# Shops in und um Braunschweig



## Handbremse (26. November 2009)

Hey Leute, 

da ich demnächst nach Braunschweig zeihe wollte ich mich mal informieren, ob es in und um Braunschweig brauchbare Radläden gibt, mit hochwertigem Material? Google hat mir da recht wenig ausgespuckt. Vielleicht gibt es ja so ein paar Insiderläden. 

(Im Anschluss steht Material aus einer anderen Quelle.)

(* Let $\alpha=\{a_k\}_{k\ge1}$ be a sequence of positive numbers with $a_k\to\infty$ and $0<x_\alpha\le1$, and let $j\ge2$. If $I(\alpha;j)=\infty$, then $\lim_{N\to\infty}E[U_j^N]=\infty$.
   Context: For $N\ge2$, coupon type $k\in\{1,\dots,N\}$ has probability $a_k/\sum_{i=1}^Na_i$; $U_j^N$ is the number of empty album places of the $j$-th collector when the first collector completes her set (each collector passes duplicates to the next one), with $$E[U_j^N]=\sum_{k=1}^N\int_0^\infty a_k e^{-a_k t}\frac{(a_kt)^{j-1}}{(j-1)!}\prod_{i\ne k,\,1\le i\le N}\big(1-e^{-a_i t}\big)\,dt.$$ Define $x_\alpha:=\inf\{x\in[0,1]:\sum_{k=1}^\infty x^{a_k}=\infty\}$; for $x\in(0,x_\alpha)$ let $L(x;\alpha;j):=\sum_{k=1}^\infty a_k^j\frac{x^{a_k}}{1-x^{a_k}}$ and $F(x;\alpha):=\prod_{k=1}^\infty(1-x^{a_k})$, and $$I(\alpha;j):=\frac{1}{(j-1)!}\int_0^{x_\alpha}L(x;\alpha;j)F(x;\alpha)|\ln x|^{j-1}\frac{dx}{x}.$$ *)

From Stdlib Require Import Reals Lra Lia Classical ClassicalEpsilon Factorial.
Open Scope R_scope.

(* Indexing convention: the paper's a_1, a_2, ... is represented by
   a 0, a 1, ... ; the paper's index k in {1..N} is k+1 for k in {0..N-1}. *)

Fixpoint sumR (n : nat) (f : nat -> R) : R :=
  match n with O => 0 | S m => sumR m f + f m end.
Fixpoint prodR (n : nat) (f : nat -> R) : R :=
  match n with O => 1 | S m => prodR m f * f m end.

(* real power x^a for x >= 0 (with 0^a = 0 for a > 0) *)
Definition pw (x a : R) : R := if Rle_dec x 0 then 0 else Rpower x a.

(* limit of a sequence (meaningful when it converges) *)
Definition lim (u : nat -> R) : R := epsilon (inhabits 0) (fun l => Un_cv u l).

Definition is_glb (S : R -> Prop) (m : R) : Prop :=
  (forall x, S x -> m <= x) /\ (forall m', (forall x, S x -> m' <= x) -> m' <= m).

Definition div_set (a : nat -> R) (x : R) : Prop :=
  0 <= x <= 1 /\ ~ (exists l, Un_cv (fun n => sumR n (fun k => pw x (a k))) l).

Definition x_alpha (a : nat -> R) : R := epsilon (inhabits 0) (is_glb (div_set a)).

Definition Lfun (a : nat -> R) (j : nat) (x : R) : R :=
  lim (fun n => sumR n (fun k => a k ^ j * pw x (a k) / (1 - pw x (a k)))).

Definition Ffun (a : nat -> R) (x : R) : R :=
  lim (fun n => prodR n (fun k => 1 - pw x (a k))).

Definition I_integrand (a : nat -> R) (j : nat) (x : R) : R :=
  / INR (fact (j - 1)) * (Lfun a j x * Ffun a x * Rabs (ln x) ^ (j - 1) / x).

(* I(alpha; j) = infinity : the (improper, nonnegative) integral over
   (0, x_alpha) is unbounded, i.e. Riemann integrals over compact
   subintervals [c,d] of (0, x_alpha) are unbounded. *)
Definition I_infinite (a : nat -> R) (j : nat) : Prop :=
  forall M : R, exists c d, 0 < c <= d /\ d < x_alpha a /\
    exists pr : Riemann_integrable (I_integrand a j) c d, M <= RiemannInt pr.

Definition int_0_inf (f : R -> R) : R :=
  epsilon (inhabits 0) (fun l => forall eps, eps > 0 -> exists T0, forall T
    (pr : Riemann_integrable f 0 T), T0 <= T -> Rabs (RiemannInt pr - l) < eps).

Definition EU_integrand (a : nat -> R) (j N : nat) (t : R) : R :=
  sumR N (fun k => a k * exp (- (a k * t)) * ((a k * t) ^ (j - 1) / INR (fact (j - 1)))
    * prodR N (fun i => if Nat.eq_dec i k then 1 else 1 - exp (- (a i * t)))).

Definition EU (a : nat -> R) (j N : nat) : R := int_0_inf (EU_integrand a j N).

From Pilot Require Import Defs.
From Stdlib Require Import Reals Lra Lia Classical ClassicalEpsilon Factorial.
From Coquelicot Require ElemFct.
From Coquelicot Require Import Coquelicot.
Open Scope R_scope.

(* Substituting [x = e^{-t}], the integrand of [E[U_j^N]] at [t = - ln x] dominates
   [t^{j-1}/(j-1)! F(x)] times the [N]-th partial sum of [L(x)], because the product over the
   coupon types [i <> k] is at least [F(x) / (1 - x^{a_k})].  On a compact [[c, d]] inside
   [(0, x_alpha)] the remaining tails of [L] are uniformly controlled by the tail of [L(d)], which
   tends to [0] since the terms of [L(d)] are dominated by a multiple of [y^{a_k}] for any
   [d < y < x_alpha].  Hence [E[U_j^N]] eventually exceeds the integral of [I(alpha; j)] over
   [[c, d]] minus [1], and these integrals are unbounded. *)

Lemma sumR_le n f g : (forall k, (k < n)%nat -> f k <= g k) -> sumR n f <= sumR n g.
Proof.
  induction n as [|n IH]; simpl; intros H; [lra|].
  assert (sumR n f <= sumR n g) by (apply IH; intros; apply H; lia).
  specialize (H n ltac:(lia)). lra.
Qed.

Würde mich über Antworten freuen. Danke! 

Greetz Handbremse


----------



## Skywalker_sz (26. November 2009)

Jop gibt es ! 

Wenn du ne richtige Apotheke suchst gibt es dort das Radstudio Braunschön und Artelie Veló. Es gibt aber auch ne DocMorris variante. Ist ein kleiner Laden etwas auserhalb von BS. Der Laden nennt sich Bikestation Braunschweig ist auf Dirt, Street und DH und FR spezialisiert man bekommt aber auch alles andere. Ist halt nen Online Händler, bei dem kannst du aber auch die Sachen abholen.


----------



## MTB-News.de




----------



## sundown (7. Februar 2010)

Am besten in Braunschweig sind sicherlich Atelier Velo und Teo.
Ansonsten gibt's um die Ecke in Wolfenbüttel noch den Rider-Store, auch n Top Laden.
Velo = Specialized
Teo = Cannondale
Rider-Store = Cube, Ghost, Liteville, Trek

http://www.rider-store.de/shop/
http://www.teo-bikes.de/html/hauptmenue/index.html
http://www.cycling.de/cgi-bin/cycling/website/cgi/show_page.cgi?kuerzel=velo

Beim Radstudio hab ich noch nie was gekauft, ist aber auch i.O. hört man.


----------



## Thalor (15. Februar 2010)

sundown schrieb:


> Am besten in Braunschweig sind sicherlich Atelier Velo



sicherlich!

*FlatterMann! Ihr Auftritt!*


----------



## Edith L. (15. Februar 2010)

Ich kaufe im radstudio!


----------



## FlatterAugust (16. Februar 2010)

Thalor schrieb:


> sicherlich!
> 
> *FlatterMann! Ihr Auftritt!*



Wer wetzt denn seine Waffen an morschem Holz? 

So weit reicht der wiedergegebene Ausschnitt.